A chambon is a piece of horse tack. It is a strap that runs forward from the bottom of the girth or surcingle, and forks. The forks continue to a ring on either side of the bridle or halter, at the base of the crownpiece. Running through those rings, the forks follow the cheekpieces to the bit. They may attach to the bit or pass through the bit rings and attach to themselves below the horse's neck.

A chambon prevents the horse from raising its head beyond a fixed point. Raising the head causes the length of the chambon along the cheekpieces to shorten and thus puts reciprocal pressure on the horse's mouth and on the horse's poll.
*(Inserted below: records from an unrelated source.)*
Ltac Cl_sub_tac H := apply (Cl_sub _ _ H); simpl; rewrite ?in_app_iff; auto using subformulas_refl.

Inductive saturated_item (U : sequent) : item -> Prop :=
| sat_atom a : saturated_item U (IF (Atom a))
| sat_natom a : saturated_item U (IF (NAtom a))
| sat_dia B : In (Dia B) Cl -> saturated_item U (IF (Dia B))
| sat_old V : In (IB V) U -> saturated_item U (IB V)
| sat_new A : In (Box A) Cl -> saturated_item U (new_box A).

Definition pending (U : sequent) (i : item) : Prop :=
  match i with
  | IF A => In A Cl
  | IB V => In (IB V) U
  end.

(* Saturation applies the invertible rules for [And], [Or] and [Box] to the pending items,
   choosing an unprovable premise of [And]. *)
Lemma saturate C U X : forall todo D : sequent,
  Forall (pending U) todo -> Forall (saturated_item U) D -> ~ provable (fill C (todo ++ D)) ->
  refines X (todo ++ D) ->
  exists D', Forall (saturated_item U) D' /\ ~ provable (fill C D') /\ refines X D'.
Proof.
  intros todo; induction todo as [todo IH]
    using (well_founded_ind (Wf_nat.well_founded_ltof _ pending_size)).
  intros D Htodo HD Hunprov HX; destruct todo as [|x todo]; [exists D; auto|].
  inversion_clear Htodo as [|? ? Hx Htodo'].
  assert (Hdone : forall y, saturated_item U y -> refines (x :: todo ++ D) (y :: todo ++ D) ->
            ~ provable (fill C (y :: todo ++ D)) ->
            exists D', Forall (saturated_item U) D' /\ ~ provable (fill C D') /\ refines X D').
  { intros y Hy Href Hyunprov; apply (IH todo) with (y :: D); auto.
    - unfold Wf_nat.ltof, pending_size; destruct x as [[]|]; simpl; lia.
    - intros Hprov; apply Hyunprov; revert Hprov; apply provable_perm; perm_solve.
    - eapply refines_trans; [exact HX|eapply refines_trans; [exact Href|]].
      apply refines_perm; perm_solve. }
  pose proof (Hdone x) as Hdone_x.
  destruct x as [[a|a|A B|A B|A|B]|V]; simpl in Hx;
    try (apply Hdone_x; [constructor; auto|apply refines_refl|auto]).
  - destruct (unprovable_and _ _ _ _ Hunprov) as (E & HE & HEunprov).
    apply (IH (IF E :: todo)) with D; auto.
    + unfold Wf_nat.ltof, pending_size; destruct HE; subst; simpl; lia.
    + constructor; auto; destruct HE; subst; Cl_sub_tac Hx.
    + eapply refines_trans; [exact HX|apply refines_and, HE].
  - apply (IH (IF A :: IF B :: todo)) with D; auto.
    + unfold Wf_nat.ltof, pending_size; simpl; lia.
    + repeat constructor; auto; Cl_sub_tac Hx.
    + intros HAB; apply Hunprov, provable_or; auto.
    + eapply refines_trans; [exact HX|apply refines_or].
  - apply (Hdone (new_box A)); [apply sat_new; auto|apply refines_box|].
    intros Hprov; apply Hunprov, provable_box, Hprov.
Qed.

Lemma saturated_refuted C U Ds D D' : Forall (saturated_item U) D ->
  Forall2 (box_refined Ds) D D' -> incl (dias D) Ds -> ~ provable (fill C D') -> refutes D' D.
Proof.
  intros HD HDD' HDs HD'unprov; apply Forall_forall; intros x Hx.
  rewrite Forall_forall in HD; destruct x as [F|V].
  2: { destruct (Forall2_In_l _ _ _ _ HDD' Hx) as ([|T] & HT & HVT); simpl in HVT; [easy|].
       apply refutes_item_IB; exists T; split; [apply t_step, HT|apply HVT]. }
  specialize (HD _ Hx); inversion HD as [a|a|B|V|A]; subst; simpl.
  - intros HNa; apply HD'unprov.
    destruct (in_split_pair _ _ D' HNa (box_refined_IF _ _ _ _ HDD' Hx)) as (r & Hr); [easy|].
    apply (provable_perm C (IF (NAtom a) :: IF (Atom a) :: r)); [apply Permutation_sym, Hr|].
    apply provable_id.
  - intros HNa; apply HNa; eapply box_refined_IF; eauto.
  - intros (T' & HT' & HB); apply (refutes_below_children Ds D') with T' B; auto.
    + intros T0 HT0; apply (box_refined_child _ _ _ _ HDD') in HT0 as (? & ? & ? & ?); auto.
    + apply HDs, In_dias, Hx.
Qed.

Definition unmarked (L : list form) : nat :=
  length (filter (fun F => if in_dec form_eq_dec F L then false else true) Cl).

Lemma unmarked_anti L L' : incl L L' -> unmarked L' <= unmarked L.
Proof.
  intros HLL'; apply filter_length_mono; intros F _.
  destruct (in_dec form_eq_dec F L), (in_dec form_eq_dec F L'); auto.
Qed.

Lemma unmarked_strict L L' F :
  incl L L' -> In F Cl -> ~ In F L -> In F L' -> unmarked L' < unmarked L.
Proof.
  intros HLL' HF HFL HFL'; apply filter_length_mono_strict with F; auto.
  - intros G _; destruct (in_dec form_eq_dec G L), (in_dec form_eq_dec G L'); auto.
  - destruct (in_dec form_eq_dec F L); tauto.
  - destruct (in_dec form_eq_dec F L'); tauto.
Qed.

(* The termination measure: every recursive call either marks a new formula of [Cl]
   (entering a new box [new_box A] marks [neg A]), or keeps the marks and descends
   into a smaller boxed sequent of [U]. *)
Definition rank (Ds : list form) (U : sequent) : nat := unmarked (Ds ++ dias U).

Lemma rank_mono Ds Ds' U V : incl (Ds ++ dias U) Ds' -> rank Ds' V <= rank Ds U.
Proof. intros HDs; apply unmarked_anti, incl_appl, HDs. Qed.

Lemma rank_new_box Ds Ds' U A : In (Box A) Cl -> incl (Ds ++ dias U) Ds' ->
  ~ In (neg A) Ds' -> rank Ds' [IF (Dia (neg A)); IF A] < rank Ds U.
Proof.
  intros HA HDs HnegA; apply unmarked_strict with (neg A).
  - apply incl_appl, HDs.
  - apply (Cl_sub (Dia (neg A))); [apply (Cl_neg (Box A) HA)|simpl; auto using subformulas_refl].
  - auto.
  - apply in_or_app; right; apply In_dias; simpl; auto.
Qed.

Lemma forms_new_box A : In (Box A) Cl -> incl (forms [IF (Dia (neg A)); IF A]) Cl.
Proof.
  intros HA F; simpl; intros [<-|[<-|[]]]; [apply (Cl_neg (Box A) HA)|Cl_sub_tac HA].
Qed.

Lemma dias_saturated U D : Forall (saturated_item U) D -> incl (dias D) Cl.
Proof.
  rewrite Forall_forall; intros HD B HB; apply In_dias in HB.
  specialize (HD _ HB); inversion HD as [| |? HBCl| |]; Cl_sub_tac HBCl.
Qed.

Lemma pending_initial Ds U :
  incl Ds Cl -> incl (forms U) Cl -> Forall (pending U) (map IF Ds ++ U).
Proof.
  intros HDs HU; apply Forall_app; split; apply Forall_forall.
  - intros x (A & <- & HA)%in_map_iff; apply HDs, HA.
  - intros [F|V] Hx; simpl; auto.
    apply HU, in_flat_map; exists (IF F); simpl; auto.
Qed.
Horses generally dislike pressure behind the poll and learn to release the pressure by lowering their head, and when in motion, this encourages the horse to relax its back and bring its hindquarters further under its body, thus encouraging collection. The chambon has the opposite function to an overcheck or bearing rein, which is used to raise the horse's head.

Use in lungeing

The chambon is used mostly in training horses via lungeing. The chambon was originally intended for lungeing and free schooling. It is advanced equipment for use by knowledgeable trainers. A chambon is not a way to quickly fix the head set of a horse; its purpose is to help develop the correct muscles. Chambons help a horse to develop the muscles of their back and topline. It applies pressure to the poll and mouth of the horse when he raises his head, releasing when the horse stretches long and low, down toward the ground. When a horse is lunged correctly, and the chambon is correctly adjusted, the horse stretches down and raises his back.

Before using a chambon, the horse is taught to give correctly while worked in hand. If not, the horse may not understand that it needs to lower its head in response to the pressure, and thus may panic when it feels the upward and ungiving pressure on the bit, and possibly rear. The advantage of the chambon is that it only comes into effect when the horse raises its head, so the horse has some control on its action. It generally works very well on horses in adjusting their head position. However, it has no direct effect on the hindquarters, so the handler must use a lungeing whip or other method to encourage impulsion in the horse.

If a horse is not lunged properly, he may begin to go on his forehand. Chambons can also cause sore neck muscles if overused.